Rate-Cut Disappointments and GenAI Competition Pose Risks

According to renowned analyst Slowinski, there are certain risks associated with rate-cut disappointments and increasing GenAI competition that need to be considered. This observation applies specifically to Shopify and Adobe. Slowinski underscores the impact of consumer discretionary spend exposure on Shopify’s performance and highlights the heightened competition for Adobe in the field of GenAI.

Zoom’s Growth Acceleration Comes Under Scrutiny

In a recent analysis, channel checks have raised concerns about Zoom’s ability to deliver on the expected enterprise growth acceleration by 2024. These doubts cast a shadow of uncertainty over Zoom’s future prospects.

Microsoft’s Positive Outlook: Solid Defensive Qualities and Restructuring Benefits

On a positive note, Slowinski remains optimistic about Microsoft’s position in the industry and upgrades their stock rating to Outperform from Neutral. He highlights Microsoft’s defensive qualities, including one of the lowest valuations in the group based on price-to-earnings ratio. Additionally, he anticipates significant benefits from the integration of Activision and the potential for an earnings beat this year, driven by the Azure cloud business. Furthermore, Slowinski predicts that free cash flow improvements in fiscal year 2025 will shift Microsoft’s focus from GenAI investment to GenAI returns.

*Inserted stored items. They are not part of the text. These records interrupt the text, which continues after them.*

Lemma sas_le1 t s a s' : (t < T)%N -> x_sas x t s a s' <= 1.
Proof.
move=> tT; have [_ _ soa_nu sas_soa _] := xB t tT.
apply: le_trans (_ : \sum_s'' x_sas x t s a s'' <= 1).
  by rewrite ler_sum_term // => s''; exact: sas_ge0.
rewrite sas_soa; apply: le_trans (nu_le1 t s tT).
rewrite -soa_nu exchange_big /= ler_sum_term // => a'.
by apply: sumr_ge0 => o _; exact: soa_ge0.
Qed.

End BaseFeasible.

(* The occupancy measures of a (randomised, observation-based) policy
   [d t o a = delta^t_{a|o}]: state occupancy [occ], and the induced
   [tau_soa] and [tau_sas]. *)
Fixpoint occ (d : nat -> Ob R P -> Ac R P -> R) (t : nat) (s : St R P) : R :=
  if t is t'.+1 then
    \sum_s'' \sum_a'' ptr s'' a'' s * \sum_o d t' o a'' * pobs s'' o * occ d t' s''
  else p0 s.

Definition occ_soa d t s o a := d t o a * pobs s o * occ d t s.
Definition occ_sas d t s a s' := ptr s a s' * \sum_o occ_soa d t s o a.
Definition occ_vars d : vars P := Vars (occ_soa d) (occ_sas d) d.

Lemma nu_occ_vars d t s : nu (occ_vars d) t s = occ d t s.
Proof. by case: t. Qed.

Definition stoch (T : nat) (d : nat -> Ob R P -> Ac R P -> R) :=
  forall t, (t < T)%N -> (forall o a, 0 <= d t o a) /\ (forall o, \sum_a d t o a = 1).

Section Occupancy.
Context {T : nat} {d : nat -> Ob R P -> Ac R P -> R}.
Hypothesis dS : stoch T d.

Lemma pol_ge0 t o a : (t < T)%N -> 0 <= d t o a.
Proof. by move=> /dS []. Qed.

Lemma pol_sum t o : (t < T)%N -> \sum_a d t o a = 1.
Proof. by move=> /dS []. Qed.

Lemma pol_le1 t o a : (t < T)%N -> d t o a <= 1.
Proof.
by move=> tT; rewrite -(pol_sum t o tT) ler_sum_term // => a'; exact: pol_ge0.
Qed.

Lemma occ_ge0 t s : (t < T)%N -> 0 <= occ d t s.
Proof.
elim: t s => [|t IH] s tT /=; first exact: init_ge0.
do 2 (apply: sumr_ge0 => ? _); rewrite mulr_ge0 ?trans_ge0 //.
apply: sumr_ge0 => o _; rewrite !mulr_ge0 ?pol_ge0 ?obs_ge0 ?IH //; exact: ltnW.
Qed.

Lemma occ_soa_ge0 t s o a : (t < T)%N -> 0 <= occ_soa d t s o a.
Proof. by move=> tT; rewrite !mulr_ge0 ?pol_ge0 ?obs_ge0 ?occ_ge0. Qed.

Lemma occ_soa_sum t s : (t < T)%N -> \sum_o \sum_a occ_soa d t s o a = occ d t s.
Proof.
move=> tT; transitivity (\sum_o pobs s o * occ d t s); last first.
  by rewrite -mulr_suml obs_sum mul1r.
apply: eq_bigr => o _; under eq_bigr do rewrite /occ_soa -mulrA.
by rewrite -mulr_suml pol_sum // mul1r.
Qed.

Lemma occ_sas_sum t s a : \sum_s' occ_sas d t s a s' = \sum_o occ_soa d t s o a.
Proof. by rewrite -mulr_suml trans_sum mul1r. Qed.

Lemma occ_sum t : (t < T)%N -> \sum_s occ d t s = 1.
Proof.
elim: t => [|t IH] tT /=; first exact: init_sum.
have tT' : (t < T)%N by exact: ltnW.
rewrite exchange_big /= -(IH tT'); apply: eq_bigr => s _.
rewrite -[RHS]occ_soa_sum // exchange_big [RHS]exchange_big /=.
by apply: eq_bigr => a _; rewrite -mulr_suml trans_sum mul1r.
Qed.

Lemma occ_action_marginal t a c : (t < T)%N -> (forall o, d t o a = c) ->
  \sum_s \sum_o occ_soa d t s o a = c.
Proof.
move=> tT d_c; transitivity (\sum_s c * occ d t s); last first.
  by rewrite -mulr_sumr occ_sum // mulr1.
apply: eq_bigr => s _; under eq_bigr do rewrite /occ_soa d_c -mulrA.
by rewrite -mulr_sumr -mulr_suml obs_sum mul1r.
Qed.

Lemma occ_le1 t s : (t < T)%N -> occ d t s <= 1.
Proof.
by move=> tT; rewrite -(occ_sum t tT) ler_sum_term // => s'; exact: occ_ge0.
Qed.

Lemma occ_base : base_feas T (occ_vars d).
Proof.
move=> t tT; split => /=.
- split=> s o a *; first exact: occ_soa_ge0.
  by rewrite mulr_ge0 ?trans_ge0 // sumr_ge0 // => o' _; exact: occ_soa_ge0.
- by move=> o; exact: pol_sum.
- by move=> s; rewrite nu_occ_vars occ_soa_sum.
- by move=> s a; rewrite occ_sas_sum.
- by move=> s a s'; rewrite occ_sas_sum.
Qed.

Promising Future for Oracle, Salesforce, and SAP

Slowinski maintains his positive outlook on Oracle, Salesforce, and SAP, predicting a potential 20% earnings-per-share growth for all three companies. These projections indicate a bright future for these industry giants.

Workday and Alphabet Maintain Positive Momentum

Both Workday and Alphabet continue to receive a bullish rating from Slowinski. Their strong market performance and growth potential make them attractive options for investors.

Neutral Ratings for Amazon.com, Intuit, ServiceNow, and Snowflake

In addition to the positive ratings, Slowinski maintains a Neutral rating for Amazon.com, Intuit, ServiceNow, and Snowflake. While these companies still maintain their strength in the industry, Slowinski does not see significant growth potential for them at the moment.

Market Performance

In terms of market performance, Microsoft shares have seen a 0.6% increase on Thursday. Conversely, Shopify is down 0.7%, Adobe is 1.3% lower, and Zoom has experienced a 1.5% decline.